Strangely, no such fuss was made before signing SATIS where services liberalisation in all four modes are clearly specified (http://saarc-sec.org/uploads/document/SAARC%20Agreement%20on%20Trade%20in%20Services%20 (signed)20121011091030.pdf). Former External Affairs Minister Prof. G.L. Peiris signed this agreement on behalf of Sri Lanka. SATIS was being signed without the various stipulations, which are now being invoked by some segments in society, before embarking on FTAs. 

It is also vital to note that the ISLFTA was signed in 1998 but it came into operation only after more than one year of negotiations in 2000, and similarly the Pakistan-Sri Lanka FTA was signed in 2002 but came into operation in 2005. It is a similar format that would be followed by the proposed ETCA – negotiations will begin after the framework is agreed upon.

 



Wider market access

If we look at South Asian countries in SAARC, Sri Lanka is far behind others in working out duty free or preferential market access to other countries. In SAARC, five countries, viz. Bangladesh, Nepal, Bhutan, Maldives, and Afghanistan, by virtue of them being LDCs qualify for duty free access to the EU and Indian markets through the EBA (Everything but Arms) and the 2008 Indian package, respectively. In fact, nearly 84% of SAARC LDC exports have duty free access to the world at large. 

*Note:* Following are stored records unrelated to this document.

Lemma sum_idx_upd k (X : idx N k -> R) (j0 : 'I_k) (p0 : 'I_N) :
  \sum_(t : idx N k) X t = \sum_(s : idx N k | s j0 == p0) \sum_(p < N) X (upd s j0 p).
Proof.
rewrite exchange_big /= (partition_big (fun t : idx N k => t j0) predT) //=.
apply: eq_bigr => p _.
rewrite (reindex_onto (fun s => upd s j0 p) (fun t => upd t j0 p0)) /=.
  apply: eq_bigl => s; rewrite upd_at eqxx /= updK.
  by apply/eqP/eqP => [<-|<-]; rewrite ?upd_at ?upd_id.
by move=> t /eqP <-; rewrite updK upd_id.
Qed.

Lemma sum_idx_delta k (c : tens N k R^o) (t : idx N k) :
  \sum_(t' : idx N k) (\prod_(j < k) (t' j == t j)%:R) * c t' = c t.
Proof.
rewrite (bigD1 t) //= big1 ?mul1r => [|j _]; last by rewrite eqxx.
rewrite big1 ?addr0 // => t' nt.
have [j nj] : exists j, t' j != t j.
  apply/existsP; apply: contraR nt => /existsPn h; apply/eqP/ffunP => j.
  by apply/eqP; move: (h j); rewrite negbK.
by rewrite (bigD1 j) //= (negbTE nj) !mul0r.
Qed.

Section SlotContraction.
Variables (k : nat) (v : 'rV[R]_N) (c : tens N k R^o).
Hypothesis c_contract : forall t j, \sum_(p < N) v 0 p * c (upd t j p) = 0.

Lemma sum_slot_contract (w : idx N k -> R) (j0 : 'I_k) :
  (forall s p, w (upd s j0 p) = w s) ->
  \sum_(t : idx N k) w t * v 0 (t j0) * c t = 0.
Proof.
move=> wE; have [p0 _ | noN] := pickP (@predT 'I_N); last first.
  by rewrite big1 // => t; have := noN (t j0).
rewrite (sum_idx_upd _ j0 p0) big1 // => s _.
transitivity (w s * \sum_(p < N) v 0 p * c (upd s j0 p)).
  by rewrite mulr_sumr; apply: eq_bigr => p _; rewrite wE upd_at mulrA.
by rewrite c_contract mulr0.
Qed.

India has preferential market access to ASEAN, Japan, South Korea, by various FTAs and CEPAs it has signed during the last decade. Pakistan has FTAs with China, Malaysia and Sri Lanka and benefit from GSP-plus in the EU market. In contrast, Sri Lanka has preferential market access only to India and Pakistan (and some preferential access to APTA members China and Korea to which Bangladesh and India also qualify). Clearly, Sri Lanka lags behind even its South Asian neighbours in having preferential market access to its trading partners.

When Sri Lanka’s standing in the global and regional framework is behind others, it becomes all the more important to sign more agreements to embark on negotiations. That is the reason why the China-Sri Lanka Agreement was signed in May 2013 to embark on trade negotiations. The China-Sri Lanka Agreement includes services and investment liberalisation. Sri Lanka has already signed the SATIS and the China-Sri Lanka Agreement to embark on deeper negotiations. 

This raises the question as to why there is so much concern regarding Sri Lanka embarking upon ETCA negotiations with India to extend the current FTA in goods to cover services, investment, technology, and training as well. A misrepresentation of facts and figures or a negative political agenda should not hold back the country’s development prospects. A transparent rules-based framework is the best way to take advantage of Sri Lanka’s proximity to the Indian market. The Indian economy is the fastest growing large economy in the world with a rapidly expanding middle class, particularly in the Southern States. 

It is time Sri Lanka moves decisively to embark upon deeper economic agreements for its growth and development. The rest of the world is not going to wait for us. Time is not on our side and we need to move fast.